Currently, San Diego Unified is in Phase 1 of reopening, in which some elementary students who are experiencing learning loss or who have special needs meet teachers on campus for limited in-person support sessions. Some of the voluntary sessions are as short as a half hour or less.

As many as 12,000 students could qualify for the optional, appointment-based sessions, which could start in late September.

Aug. 28, 2020

About 4,000 students at more than 100 schools are participating in Phase 1, out of the district’s roughly 100,000 students. So far there have been no confirmed cases of coronavirus transmission and no outbreaks at Phase 1 schools, Superintendent Cindy Marten said.

If the county does fall to the purple tier, San Diego Unified will not cancel Phase 1, board President John Lee Evans said.

The district has said it will expand Phase 1 to include middle and high school students, but officials did not give a date for the expansion. That still needs to be negotiated with labor unions, Evans said, though he hopes it will happen soon.

The district also has not yet announced dates for Phases 3 and 4 of reopening, because Phase 4 means full-time in-person learning and “there’s much more that needs to be done,” such as figuring out a coronavirus testing program, Evans said.

Reopening and testing

With an anticipated January start date, San Diego Unified likely will be one of last school districts in the county to reopen for in-person instruction. Most of the county’s 42 school districts have reopened for at least part-time instruction.

San Diego Unified is following the lead of school districts in South County, where coronavirus levels are highest. Sweetwater Union High, Chula Vista Elementary, San Ysidro and South Bay Union are among districts that have announced they will stay closed to in-person instruction for the rest of 2020.

Some school districts have reported a few cases of the virus, and experts and officials say it’s inevitable that it will show up at schools. They say what matters is keeping it from spreading further once students or staff arrive.

County health officials have not been regularly publicizing coronavirus case data for K-12 schools, so it’s unknown to what extent it is surfacing in area schools.

In a county update this week, health officials reported a 6.6 percent increase in cases among children 9 and younger, which was twice the rate of increase for the county overall. There were a total of 2,016 cases in that age range from Oct. 19 to 25.

When asked if the small number of cases reported by districts so far means San Diego Unified is being overly cautious in delaying reopening — as some parents have argued — Barrera said it’s “way too early” to make claims about the virus’ spread within schools.

Barrera said that until school districts are testing all students and staff members on a regular basis, he doesn’t believe schools can say there is little to no coronavirus spread happening at schools, since many people can spread the virus without showing symptoms.

“I don’t think there’s a single district in this county — or, frankly, in this country — that can make the claim right now that they know that if somebody comes onto one of their campuses with the virus that they are able to prevent the spread, because we don’t have the testing that allows us to make that claim,” Barrera said.

A January start date for Phase 2 gives the district more time to try to establish a regular coronavirus testing program for students and staff who are not symptomatic.
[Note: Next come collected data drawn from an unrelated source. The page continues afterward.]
(* Let $\Gamma=(V,E)$ and $\Gamma'=(V',E')$ be layered graphs with unique minimal vertices such that $\Gamma\sim_A\Gamma'$. Then $|V_i|=|V_i'|$ for all $i\in\mathbb N$.
   Context: A layered graph is a finite directed graph $\Gamma=(V,E)$ with $V=\bigsqcup_{i=0}^{N}V_i$ such that every edge from $V_i$ goes to $V_{i-1}$; $|v|=i$ for $v\in V_i$, $V_+=\bigsqcup_{i\ge1}V_i$, every vertex in $V_+$ has at least one outgoing edge, and unique minimal vertex means $|V_0|=1$. The universal labeling algebra $A(\Gamma)$ is presented as $T(V_+)/R_V$ (free algebra on $V_+$ over a field $\mathbb F$ modulo an ideal $R_V$ which is homogeneous for the polynomial degree). The degree grading of $A(\Gamma)$ is $A(\Gamma)_{[i]}$ = span of images of monomials $v_1\cdots v_i$ ($v_j\in V_+$). The vertex filtration is $A(\Gamma)_i$ = span of images of monomials $v_1\cdots v_j$ with $\sum_k|v_k|\le i$. One writes $\Gamma\sim_A\Gamma'$ if there is an algebra isomorphism $A(\Gamma)\to A(\Gamma')$ preserving both the degree grading and the vertex filtration. *)

From HB Require Import structures.
From mathcomp Require Import all_boot all_order all_algebra.
Set Implicit Arguments. Unset Strict Implicit. Unset Printing Implicit Defensive.
Import GRing.Theory.
Local Open Scope ring_scope.

(* An element of the free associative algebra F<X> is represented by a formal
   finite linear combination of words; two representatives are identified
   when all their coefficients agree ([ncp_eq]). *)
Section NCPoly.
Variables (F : fieldType).

Definition ncp (X : Type) := seq (F * seq X).

Definition ncp_coef (X : eqType) (p : ncp X) (w : seq X) : F :=
  \sum_(cw <- p | cw.2 == w) cw.1.

Definition ncp_eq (X : eqType) (p q : ncp X) : Prop :=
  forall w, ncp_coef p w = ncp_coef q w.

Definition ncp_zero (X : Type) : ncp X := [::].
Definition ncp_one (X : Type) : ncp X := [:: (1, [::])].
Definition ncp_var (X : Type) (x : X) : ncp X := [:: (1, [:: x])].
Definition ncp_add (X : Type) (p q : ncp X) : ncp X := p ++ q.
Definition ncp_scale (X : Type) (c : F) (p : ncp X) : ncp X :=
  [seq (c * cw.1, cw.2) | cw <- p].
Definition ncp_sub (X : Type) (p q : ncp X) : ncp X :=
  ncp_add p (ncp_scale (-1) q).
Definition ncp_mul (X : Type) (p q : ncp X) : ncp X :=
  [seq (a.1 * b.1, a.2 ++ b.2) | a <- p, b <- q].
Definition ncp_prod (X : Type) (ps : seq (ncp X)) : ncp X :=
  foldr (@ncp_mul X) (ncp_one X) ps.
Definition ncp_sum (X : Type) (ps : seq (ncp X)) : ncp X :=
  foldr (@ncp_add X) (ncp_zero X) ps.

Definition ncp_subst (X Y : Type) (f : X -> ncp Y) (p : ncp X) : ncp Y :=
  flatten [seq ncp_scale cw.1 (ncp_prod (map f cw.2)) | cw <- p].

Inductive in_ideal (X : eqType) (G : ncp X -> Prop) : ncp X -> Prop :=
| ideal_zero p : (forall w, ncp_coef p w = 0) -> in_ideal G p
| ideal_gen r : G r -> in_ideal G r
| ideal_add p q : in_ideal G p -> in_ideal G q -> in_ideal G (ncp_add p q)
| ideal_mull a p : in_ideal G p -> in_ideal G (ncp_mul a p)
| ideal_mulr p a : in_ideal G p -> in_ideal G (ncp_mul p a)
| ideal_eq p q : in_ideal G p -> ncp_eq p q -> in_ideal G q.

End NCPoly.

(* Vertices V, edges E (multi-edges allowed), level |v| = lev v,
   an edge e goes from src e to tgt e. *)
Record lgraph := LGraph {
  lg_V : finType;
  lg_E : finType;
  lg_lev : lg_V -> nat;
  lg_src : lg_E -> lg_V;
  lg_tgt : lg_E -> lg_V }.

Definition layered_umv (G : lgraph) : Prop :=
  [/\ (forall e : lg_E G, lg_lev (lg_src e) = (lg_lev (lg_tgt e)).+1),
      (forall v : lg_V G, (0 < lg_lev v)%N -> exists e : lg_E G, lg_src e = v)
    & #|[set v : lg_V G | lg_lev v == 0%N]| = 1%N].

Definition layer (G : lgraph) (i : nat) : {set lg_V G} :=
  [set v : lg_V G | lg_lev v == i].

Fixpoint gpath (G : lgraph) (v : lg_V G) (pi : seq (lg_E G)) (u : lg_V G) : bool :=
  match pi with
  | [::] => v == u
  | e :: pi' => (lg_src e == v) && gpath (lg_tgt e) pi' u
  end.

Section UnivLabel.
Variables (F : fieldType) (G : lgraph).
Local Notation E := (lg_E G).

(* elementary symmetric (ordered) functions of a path:
   (t - e1)(t - e2)...(t - ek) = sum_j (-1)^j elem j pi t^(k-j) *)
Fixpoint path_elem (j : nat) (pi : seq E) : ncp F E :=
  match j, pi with
  | 0%N, _ => ncp_one F E
  | j'.+1, [::] => ncp_zero F E
  | j'.+1, e :: pi' =>
      ncp_add (ncp_mul (ncp_var F e) (path_elem j' pi')) (path_elem j pi')
  end.

(* defining relations of the universal labeling algebra A(G) = T(E)/R:
   coefficients of P_{pi1}(t) - P_{pi2}(t) for paths with same origin and end *)
Definition ula_rel (r : ncp F E) : Prop :=
  exists (v u : lg_V G) (pi1 pi2 : seq E) (j : nat),
    [/\ gpath v pi1 u, gpath v pi2 u & r = ncp_sub (path_elem j pi1) (path_elem j pi2)]%type.

Definition ula_ideal : ncp F E -> Prop := in_ideal ula_rel.

(* congruence modulo R: p and q have the same image in A(G) *)
Definition ula_cong (p q : ncp F E) : Prop := ula_ideal (ncp_sub p q).

(* A path from v in V_+ down to the minimal vertex; its edge-sum is the image
   of the vertex v in A(G) (well defined modulo R), and its length is |v|. *)
Definition down_path (pi : seq E) : Prop :=
  exists v u : lg_V G, [/\ gpath v pi u, (0 < lg_lev v)%N & lg_lev u = 0%N].

Definition path_sum (pi : seq E) : ncp F E := ncp_sum [seq ncp_var F e | e <- pi].

(* image of the monomial v_1 ... v_j given by down-paths ps = (pi_1,...,pi_j) *)
Definition vmono (ps : seq (seq E)) : ncp F E := ncp_prod [seq path_sum pi | pi <- ps].

Definition in_vspan (P : seq (seq E) -> Prop) (p : ncp F E) : Prop :=
  exists L : seq (F * seq (seq E)),
    (forall x, x \in L -> (forall pi, pi \in x.2 -> down_path pi) /\ P x.2) /\
    ula_cong p (ncp_sum [seq ncp_scale x.1 (vmono x.2) | x <- L]).

Definition in_deg (i : nat) (p : ncp F E) : Prop :=
  in_vspan (fun ps => size ps = i) p.

Definition in_filt (i : nat) (p : ncp F E) : Prop :=
  in_vspan (fun ps => (sumn [seq size pi | pi <- ps] <= i)%N) p.

End UnivLabel.

(* G ~_A G' : an F-algebra isomorphism A(G) -> A(G') (given by lifts f, g of
   it and its inverse to the free algebras) such that it and its inverse
   preserve the degree grading and the vertex filtration. *)
Definition sim_A (F : fieldType) (G G' : lgraph) : Prop :=
  exists (f : lg_E G -> ncp F (lg_E G')) (g : lg_E G' -> ncp F (lg_E G)),
  (forall r, @ula_rel F G r -> @ula_ideal F G' (ncp_subst f r)) /\
  (forall r, @ula_rel F G' r -> @ula_ideal F G (ncp_subst g r)) /\
  (forall e, @ula_cong F G (ncp_subst g (f e)) (ncp_var F e)) /\
  (forall e', @ula_cong F G' (ncp_subst f (g e')) (ncp_var F e')) /\
  (forall i p, @in_deg F G i p -> @in_deg F G' i (ncp_subst f p)) /\
  (forall i p, @in_deg F G' i p -> @in_deg F G i (ncp_subst g p)) /\
  (forall i p, @in_filt F G i p -> @in_filt F G' i (ncp_subst f p)) /\
  (forall i p, @in_filt F G' i p -> @in_filt F G i (ncp_subst g p)).

From mathcomp Require Import all_boot all_order all_algebra.
From mathcomp Require Import ring zify.
Set Implicit Arguments. Unset Strict Implicit. Unset Printing Implicit Defensive.
Import GRing.Theory.
Local Open Scope ring_scope.

(* For a layered graph G and a vertex w let incid w be the edge weight
   1 on edges leaving w and -1 on edges entering w; its sum along a path
   v -> u is [v = w] - [u = w], independently of the path.  Weighting the
   coefficients of the one-letter words by such a path independent weight
   gives a linear form on T(E) which, together with the constant term,
   vanishes on the defining ideal R, i.e. a form on A(G).  On the image of a
   vertex v (the edge sum of a down-path) the form of w >= 1 equals [v = w],
   and on the filtration step A(G)_i it vanishes when |w| > i.

   Let f, g realise G ~_A G'.  For v0 in G the form incid v0, pulled back
   along g to the edges of G', is again path independent, hence a difference
   of potentials K on the vertices of G', hence the combination
   sum_w K w * incid w of incidence forms of G'.  Evaluating on f(v) for
   0 < |v| <= i yields A *m B = 1 with A = [incid w (f v)] of size
   #V_{1..i} x #V'_{1..i}; so #V_{1..i} <= #V'_{1..i}.  By symmetry the two
   counts agree for every i, and the layers are their successive differences. *)

(* Only two pieces of a
   polynomial matter in this development: its constant term [cst p] and its
   coefficients of one-letter words [lcoef p x]. *)
Section Coefficients.
Variables (F : fieldType) (X : eqType).
Implicit Types (p q : ncp F X) (w : seq X).

Definition cst p : F := ncp_coef p [::].
Definition lcoef p (x : X) : F := ncp_coef p [:: x].

Lemma coef_nil w : ncp_coef ([::] : ncp F X) w = 0.
Proof. by rewrite /ncp_coef big_nil. Qed.

Lemma coef_cons (a : F * seq X) p w :
  ncp_coef (a :: p) w = (if a.2 == w then a.1 else 0) + ncp_coef p w.
Proof. by rewrite /ncp_coef big_cons; case: ifP; rewrite ?add0r. Qed.

Lemma coef_add p q w : ncp_coef (ncp_add p q) w = ncp_coef p w + ncp_coef q w.
Proof. by rewrite /ncp_coef big_cat. Qed.

Lemma coef_scale c p w : ncp_coef (ncp_scale c p) w = c * ncp_coef p w.
Proof.
elim: p => [|a p IH]; first by rewrite /= !coef_nil mulr0.
rewrite /= !coef_cons -/(ncp_scale c p) IH mulrDr /=.
by case: ifP; rewrite ?mulr0.
Qed.

Lemma coef_sub p q w : ncp_coef (ncp_sub p q) w = ncp_coef p w - ncp_coef q w.
Proof. by rewrite coef_add coef_scale mulN1r. Qed.

Lemma coef_var (x : X) w : ncp_coef (ncp_var F x) w = ([:: x] == w)%:R.
Proof. by rewrite coef_cons coef_nil addr0 /=; case: eqP. Qed.

Lemma coef_one w : ncp_coef (ncp_one F X) w = ([::] == w)%:R.
Proof. by rewrite coef_cons coef_nil addr0 /=; case: eqP. Qed.

Lemma ncp_mul_cons (a : F * seq X) p q :
  ncp_mul (a :: p) q = [seq (a.1 * b.1, a.2 ++ b.2) | b <- q] ++ ncp_mul p q.
Proof. by []. Qed.

Lemma coef_mul1 p w : ncp_coef (ncp_mul p (ncp_one F X)) w = ncp_coef p w.
Proof.
elim: p => [|a p IH]; first by rewrite /ncp_mul /= !coef_nil.
by rewrite ncp_mul_cons /= coef_cons IH coef_cons mulr1 cats0.
Qed.

Local Notation term_mul a1 a2 q := [seq (a1 * b.1, a2 ++ b.2) | b <- q].

Lemma cst_term_mul a1 a2 q :
  cst (term_mul a1 a2 q) = if a2 is [::] then a1 * cst q else 0.
Proof.
rewrite /cst; elim: q => [|b q IH].
  by rewrite /= !coef_nil; case: a2; rewrite ?mulr0.
rewrite /= !coef_cons IH /= {IH}; case: a2 => [|x s] /=; last by rewrite addr0.
by case: ifP; rewrite ?mulrDr ?mulr0.
Qed.

Lemma lcoef_term_mul a1 a2 q y :
  lcoef (term_mul a1 a2 q) y =
  match a2 with
  | [::] => a1 * lcoef q y
  | [:: x] => if x == y then a1 * cst q else 0
  | _ => 0
  end.
Proof.
rewrite /lcoef /cst; elim: q => [|b q IH].
  by rewrite /= !coef_nil; case: a2 => [|x [|]]; rewrite ?mulr0 //; case: ifP.
rewrite /= !coef_cons IH /= {IH}; case: a2 => [|x [|x' s]] /=.
- by case: ifP; rewrite ?mulrDr ?mulr0.
- rewrite eqseq_cons; case: (x == y) => /=; last by rewrite addr0.
  by case: ifP; rewrite ?mulrDr ?mulr0.
- by rewrite eqseq_cons andbF addr0.
Qed.

Lemma cst_mul p q : cst (ncp_mul p q) = cst p * cst q.
Proof.
elim: p => [|a p IH]; first by rewrite /cst /ncp_mul /= coef_nil mul0r.
rewrite ncp_mul_cons /cst coef_add -/(cst _) cst_term_mul -/(cst _) IH.
rewrite coef_cons -/(cst p).
by case: a => a1 [|x s] /=; rewrite -/(cst q) ?mulrDl ?mul0r ?add0r.
Qed.
(* Let $A(t)$ be a holomorphic $2\times2$ matrix function on $|t|\le1$ with $A(0)=\operatorname{diag}(\lambda_1,\lambda_2)$, $\lambda_1-\lambda_2\in\mathbb R_{>0}$. Let $$\dot z=\frac{A(t,\varepsilon)}{(t-\alpha_0(\varepsilon))(t-\alpha_1(\varepsilon))}\,z$$ be a generic deformation with $\operatorname{Im}\alpha_0(\varepsilon)>0$. Let $t_0\in\mathbb R_{<0}$ be fixed with $|t_0|<1$, and let $M_0,M_1:H_{t_0}\to H_{t_0}$ be the monodromy operators, with eigenfunctions $f_{i1,\varepsilon},f_{i2,\varepsilon}$ numbered as in the context. Let $m_i$ be the projectivization of $M_i$, and let $p_{ij,\varepsilon}\in\mathbb P(H_{t_0})\cong\overline{\mathbb C}$ be the image of $f_{ij,\varepsilon}$ under the tautological projection. Then for all sufficiently small $\varepsilon>0$, $m_0$ and $m_1$ are hyperbolic Möbius transformations, with the following fixed points: - $p_{02,\varepsilon}$ is the repelling and $p_{01,\varepsilon}$ the attracting fixed point of $m_0$; - $p_{11,\varepsilon}$ is the repelling and $p_{12,\varepsilon}$ the attracting fixed point of $m_1$.
   Context: Deformation: $A(t,\varepsilon)$ is holomorphic in $t$ on $|t|\le1$ and continuous in $\varepsilon\ge0$, $A(t,0)=A(t)$; $\alpha_0,\alpha_1$ are continuous, $\alpha_0+\alpha_1\equiv0$, $\alpha_i(0)=0$, $\alpha_0(\varepsilon)\ne\alpha_1(\varepsilon)$ for $\varepsilon>0$. Generic: the line through $\alpha_0(\varepsilon),\alpha_1(\varepsilon)$ meets the real axis at an angle bounded away from $0$ uniformly in $\varepsilon$. Monodromy: $H_{t_0}\cong\mathbb C^2$ is the space of local solutions at $t_0$. $l_i$ is a small counterclockwise circle around $\alpha_i$ whose closed disc excludes $\alpha_{1-i}$, $a_i=[t_0,\alpha_i]\cap l_i$, and $M_i$ is the monodromy along $[t_0,a_i]\circ l_i\circ[t_0,a_i]^{-1}$. Numbering: $\kappa_{i1},\kappa_{i2}$ are the eigenvalues of $A(\alpha_i(\varepsilon),\varepsilon)$ with $\kappa_{ij}\to\lambda_j$. $f_{ij,\varepsilon}$ is the eigenvector of $M_i$ with eigenvalue $\exp\big(2\pi i\kappa_{ij}/(\alpha_i-\alpha_{1-i})\big)$. The projectivization of an invertible linear map of $\mathbb C^2$ is the induced Möbius map of $\mathbb P^1$. A Möbius transformation is hyperbolic if it has a repelling fixed point; then it also has a unique attracting fixed point, and every orbit other than the repeller tends to the attractor. *)

From Stdlib Require Import Reals.
From Coquelicot Require Import Coquelicot.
The district recently asked Gov. Gavin Newsom to give San Diego Unified 10,000 daily coronavirus tests to meet that goal, but it’s unknown whether the state will grant the request.

Several parents say they are desperate to return their children to school because their children are not learning well at home and are suffering socially.

Meanwhile, other parents have been happy with the district’s slow reopening pace, saying they are worried about the coronavirus spreading in schools and about their families’ safety.